Depuis les années 1970, les scénarios se sont diversifiés. Les géologues sont désormais au cœur de films catastrophes, de blockbusters mettant en scène des monstres ou des menaces extraterrestres, ou encore de productions abordant les catastrophes climatiques. « Ces changements illustrent l’évolution des préoccupations globales, passant de la conquête des ressources à la gestion des risques environnementaux », analyse l’étude.
Une représentation encore très masculine et blanche
Autre constat marquant : les personnages de géologues restent majoritairement masculins et blancs. « Sur les 202 cas étudiés, moins de 10 % étaient des femmes, et une infime minorité représentaient des minorités ethniques », précise l’un des auteurs. Ce déséquilibre reflète, selon lui, les stéréotypes persistants dans l’industrie cinématographique.
« Les réalisateurs ont souvent du mal à imaginer des scientifiques de fiction sortant des clichés traditionnels », explique-t-il. Pourtant, des exceptions existent, comme dans des films récents où des femmes ou des personnages issus de divers horizons jouent des rôles scientifiques majeurs. Reste à savoir si ces évolutions se traduiront par une meilleure représentation dans les futures productions.

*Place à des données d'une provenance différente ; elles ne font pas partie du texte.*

(* For every $k\in\mathbb{N}$ and every $\alpha\in(0,1)$ there exists $\gamma_0>0$ such that for all $0<\gamma\leq\gamma_0$ the following holds. Let $G$ be a digraph on $n$ vertices and let $G_1,\dots,G_k$ be pairwise edge-disjoint subgraphs of $G$ with $\sum_{i\in[k]}e(G_i)\leq\gamma n^2$ and $\Delta^0(G_i)\leq\alpha n$ for each $i\in[k]$. Then each $G_i$ contains a path system $\mathcal{Q}_i$ such that $\bigcup_{i\in[k]}\mathcal{Q}_i$ contains no directed cycle and $e(\mathcal{Q}_i)\geq\lfloor e(G_i)/(\alpha n)\rfloor$ for all $i\in[k]$.
   Context: A path system in a digraph is a set of vertex-disjoint directed paths, identified with the subgraph formed by their vertices and edges; $e(\mathcal{Q})$ is its number of edges. $\Delta^0(H)$ is the maximum over vertices of the maximum of in- and outdegree in $H$. (The paper states the hypothesis as ''$0<\gamma\ll\alpha<1$'' with $k$ fixed beforehand, i.e. $\gamma$ sufficiently small in terms of $\alpha$ and $k$.) *)

From HB Require Import structures.
From mathcomp Require Import all_boot all_order all_algebra.
Set Implicit Arguments. Unset Strict Implicit. Unset Printing Implicit Defensive.
Import Order.TTheory GRing.Theory Num.Theory.

(* A digraph on a finite vertex type V is given by its edge set
   E : {set V * V}; (x, y) \in E is the directed edge x -> y. *)

Section Digraphs.
Variable V : finType.

Definition loopless (E : {set V * V}) : Prop := forall v : V, (v, v) \notin E.

Definition outdeg (E : {set V * V}) (v : V) : nat := #|[set y | (v, y) \in E]|.
Definition indeg (E : {set V * V}) (v : V) : nat := #|[set x | (x, v) \in E]|.

Definition maxsemideg_le {R : numDomainType} (E : {set V * V}) (d : R) : Prop :=
  forall v : V, ((outdeg E v)%:R <= d)%R /\ ((indeg E v)%:R <= d)%R.

Definition dpath (E : {set V * V}) (p : seq V) : bool :=
  if p is x :: s then uniq p && path (fun a b => (a, b) \in E) x s else false.

Definition path_edges (p : seq V) : {set V * V} :=
  [set e | e \in zip p (behead p)].

(* a path system in E: a family of pairwise vertex-disjoint directed paths
   (uniq of the concatenation = distinct vertices within and across paths) *)
Definition path_system (E : {set V * V}) (P : seq (seq V)) : bool :=
  all (dpath E) P && uniq (flatten P).

(* the edge set of a path system (its subgraph); e(Q) = #|ps_edges P| *)
Definition ps_edges (P : seq (seq V)) : {set V * V} :=
  \bigcup_(p <- P) path_edges p.

Definition has_dcycle (E : {set V * V}) : Prop :=
  exists c : seq V, [&& 0 < size c, uniq c & cycle (fun x y => (x, y) \in E) c].

End Digraphs.

From HB Require Import structures.
From mathcomp Require Import all_boot all_order all_algebra.
From mathcomp Require Import reals.
From mathcomp Require Import zify ring lra.
Import Order.TTheory GRing.Theory Num.Theory.

Set Implicit Arguments. Unset Strict Implicit. Unset Printing Implicit Defensive.

(* Let d = floor(alpha n), l = floor(d / 4(k+1)) and m_i = floor(e(G_i) / d).  We grow sets
   F_i of edges of G_i with in- and outdegrees at most 1, one edge at a time, and every edge we
   add has an endpoint that no F_j touches yet; such an edge cannot close a directed cycle, so
   the union of the F_i stays acyclic, and in the end each F_i splits into a path system.
   Call a vertex high for G_i if its out- or indegree in G_i exceeds l.  There are
   h_i <= 2 e(G_i) / (l+1) high vertices, and the edges of G_i with neither a high tail nor a
   high head (the low edges) number at least r_i d, where r_i = m_i - h_i.  First, taking the
   classes in increasing order of r_i, we give F_i r_i low edges with both endpoints untouched:
   fewer than 2k r_i vertices are touched and each lies on at most 2l low edges, while
   d >= 4(k+1) l, so some low edge is always available.  Then every vertex of high outdegree in G_i gets an out-edge to an untouched
   vertex and every vertex of high indegree an in-edge from an untouched vertex; as the G_i are
   sparse, fewer than l vertices are ever touched, so such neighbours exist.  Hence
   e(F_i) >= r_i + h_i >= m_i. *)

Lemma disjoint_setU1 (T : finType) (x : T) (A : {set T}) (B : {pred T}) :
  [disjoint x |: A & B] = (x \notin B) && [disjoint A & B].
Proof. by rewrite -disjoint1 -disjointU; apply: eq_disjoint => y; rewrite !inE. Qed.

Section Digraphs.
Variable V : finType.
Implicit Types (E F : {set V * V}) (S : {set V}).

Definition tails E : {set V} := [set e.1 | e in E].
Definition heads E : {set V} := [set e.2 | e in E].
Definition endpoints E : {set V} := tails E :|: heads E.

Definition deg_le1 E : Prop := forall v, outdeg E v <= 1 /\ indeg E v <= 1.

Lemma mem_tails E x y : (x, y) \in E -> x \in tails E.
Proof. by move=> h; apply/imsetP; exists (x, y). Qed.

Lemma mem_heads E x y : (x, y) \in E -> y \in heads E.
Proof. by move=> h; apply/imsetP; exists (x, y). Qed.

Lemma notin_endpoints E v e : v \notin endpoints E -> e \in E -> (e.1 != v) && (e.2 != v).
Proof.
move=> hv he; rewrite !inE negb_or in hv; case/andP: hv => h1 h2.
by apply/andP; split; [move: h1 | move: h2]; apply: contraNneq => <-; apply/imsetP; exists e.
Qed.

Lemma tails_setU1 E a b : tails ((a, b) |: E) = a |: tails E.
Proof. by rewrite /tails imsetU1. Qed.

Lemma heads_setU1 E a b : heads ((a, b) |: E) = b |: heads E.
Proof. by rewrite /heads imsetU1. Qed.

Lemma endpointsS E F : E \subset F -> endpoints E \subset endpoints F.
Proof. by move=> sEF; apply: setUSS; apply: imsetS. Qed.

Lemma card_endpoints E : #|endpoints E| <= 2 * #|E|.
Proof.
rewrite mul2n -addnn; apply: leq_trans (leq_card_setU _ _).1 _.
by apply: leq_add; apply: leq_imset_card.
Qed.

En attendant, le cinéma continue de peindre les géologues sous un jour bien particulier : celui de héros malgré eux, souvent condamnés à une fin tragique. Une tendance qui, pour l’instant, ne semble pas prête à disparaître.
Parmi les films cités dans l’étude figurent notamment « Les Dents de la mer » (où un géologue est tué par le requin), « Le Pic de Dante » (catastrophe volcanique), et bien sûr « James Bond 007 contre Dr No », où le professeur Dent est assassiné. D’autres exemples incluent « San Andreas » pour les séismes ou « The Core » pour les risques géologiques extrêmes.